I'm posting my Xorg.0.log:
http://pastebin.com/7bG08mPb

Here is my glxinfo output:
http://pastebin.com/vaYFPUMC

And here is my xorg.conf output:
http://pastebin.com/wcvyHdB2

What can I do to fix this problem?
Thanks in advance.


----------



## adamk (Dec 31, 2011)

First, your GPU will likely never work as well on FreeBSD as it does on Fedora.  The classic Mesa driver you have to use is not as capable as the newer gallium Mesa driver available on Linux.

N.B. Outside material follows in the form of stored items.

(* A preimage of [x' + y'] splits as [x + y] with [f1 x = x'] and [f2 y = y'], by
   uniqueness of the components in [E' + D']. *)
Lemma cag_hom_surj_dimS : is_subspace E' -> is_add_subgroup D' ->
  E' `&` vect D' `<=` [set 0] -> zero_isolated D -> f @` sumset E D = sumset E' D' ->
  (dimS E' <= dimS E)%N /\ (dimS D' <= dimS D)%N.
Proof.
move=> hE' hD' E'D' Diso fsurj.
have lift x' y' : E' x' -> D' y' -> exists x y, [/\ E x, D y, f1 x = x' & f2 y = y'].
  move=> Ex' Dy'; have : sumset E' D' (x' + y') by exists x', y'.
  rewrite -fsurj => -[_ [x [y [Ex [Dy ->]]]]]; rewrite cag_hom_sum // => fxy.
  have [f1x f2y] := sumset_components_unique hE' E'D' (f1E' x Ex) Ex'
    (mem_vect (f2D' y Dy)) (mem_vect Dy') fxy.
  by exists x, y.
split.
  apply: (dimS_le_linear_surj hE f1lin) => x' Ex'.
  by have [x [y [Ex _ <- _]]] := lift x' 0 Ex' (subgroup0 hD'); exists x.
apply: (dimS_le_additive_surj hD f2add Diso) => y' Dy'.
by have [x [y [_ Dy _ <-]]] := lift 0 y' (subgroup0 (subspace_subgroup hE')) Dy'; exists y.
Qed.

End Homomorphism.

End ClosedSubgroups.

Lemma normc_le_nat (R : realType) (a b a' b' : nat) : (a <= a')%N -> (b <= b')%N ->
  `|(a%:R +i* b%:R)%C| <= `|(a'%:R +i* b'%:R)%C| :> R[i].
Proof.
move=> aa' bb'; rewrite !normc_def /= lecR ler_sqrt ?addr_ge0 ?sqr_ge0 //.
by rewrite -!natrX -!natrD ler_nat leq_add // leq_sqr.
Qed.

Lemma dimt_decomp {R : realType} {n : nat} {H E D : set 'rV[R]_n} :
  is_decomp H E D -> dimt H = ((dimS E)%:R +i* (dimS D)%:R)%C.
Proof.
case=> hE [hD [ED ->]]; have ED' : E `&` vect D `<=` [set 0] by rewrite ED.
rewrite /dimt (pdim_sumset hE hD.1 ED' (discrete_zero_isolated hD)).
by rewrite qdim_dimS (dimS_sumset hE hD.1 ED') natrD addrAC subrr add0r.
Qed.

Theorem theorem1p8 (R : realType) (n : nat)
    (H E D K E' D' : set 'rV[R]_n) (f f1 f2 : 'rV[R]_n -> 'rV[R]_n) :
  is_closed_subgroup H -> is_decomp H E D ->
  is_closed_subgroup K -> is_decomp K E' D' ->
  is_cag_hom E D E' D' f f1 f2 ->
  f @` H `<=` K ->
  [/\ ((forall x y, H x -> H y -> f x = f y -> x = y) ->
         `|dimt H| <= `|dimt K|),
      (f @` H = K -> `|dimt K| <= `|dimt H|),
      ((forall x y, H x -> H y -> f x = f y -> x = y) -> f @` H = K ->
         dimt H = dimt K),
      (is_closed_subgroup (f @` H) /\ f @` H `<=` K) &
      (forall L : set 'rV[R]_n, is_closed_subgroup L -> L `<=` K ->
         is_closed_subgroup (H `&` f @^-1` L) /\ H `&` f @^-1` L `<=` H)].
Proof.
move=> _ hdH _ hdK hf; rewrite (dimt_decomp hdH) (dimt_decomp hdK).
case: hdH hdK => hE [hD [EDeq ->]] [hE' [hD' [E'D'eq ->]]] fHK.
have ED : E `&` vect D `<=` [set 0] by rewrite EDeq.
have E'D' : E' `&` vect D' `<=` [set 0] by rewrite E'D'eq.
have Diso := discrete_zero_isolated hD; have D'iso := discrete_zero_isolated hD'.
have dim_inj := cag_hom_inj_dimS hE hD.1 hf hD'.1 D'iso.
have dim_surj := cag_hom_surj_dimS hE hD.1 hf hE' hD'.1 E'D' Diso.
split.
- by move=> /dim_inj[? ?]; exact: normc_le_nat.
- by move=> /dim_surj[? ?]; exact: normc_le_nat.
- move=> /dim_inj[? ?] /dim_surj[? ?].
  by congr (_%:R +i* _%:R)%C; apply/anti_leq/andP.
- by split=> //; exact: cag_hom_image_closed hE hD.1 hf E'D' D'iso.
- move=> L hL _; split; last by move=> x [].
  exact: cag_hom_preimage_closed hE hD.1 hf L ED Diso hL.
Qed.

However, 3D acceleration is available for your GPU (via the r600 driver, which covers r600 and higher GPUs) if you rebuild graphics/libdrm, graphics/libGL and graphics/dri after setting WITHOUT_NOUVEAU in /etc/make.conf.

Adam


----------



## mylux (Dec 31, 2011)

Hello adamk,

First of all, thanks for the reply. When you say rebuild these softwares are you saying to reinstall these from ports? I use portupgrade/portinstall to install/upgrade software. can I use it normally to do the job?

Thanks.


----------



## adamk (Dec 31, 2011)

Yes and yes.


----------



## mylux (Jan 3, 2012)

Dear adamk, thanks for the help. I did what you said and the values in glxgears increased a lot! Now I get ~1700 FPS and the game I tried to run (Assault Cube) is running better, but it is still laging significantly. Is there a way to get more performance or is it all we can do?

Thanks again.


----------



## adamk (Jan 3, 2012)

You could build a newer version of the driver from source but, honestly, I would not expect to see a significant boost in 3D performance.

Adam


----------



## mylux (Jan 3, 2012)

Yeah. And is kind of hard to do it. You get many errors and it can take days to solve them to be possible to rebuild the driver. I will be aware at the ports tree and upgrade my driver, the DRI, LibGL and libDRM when possible.

Thanks, for now the problem is solved!


----------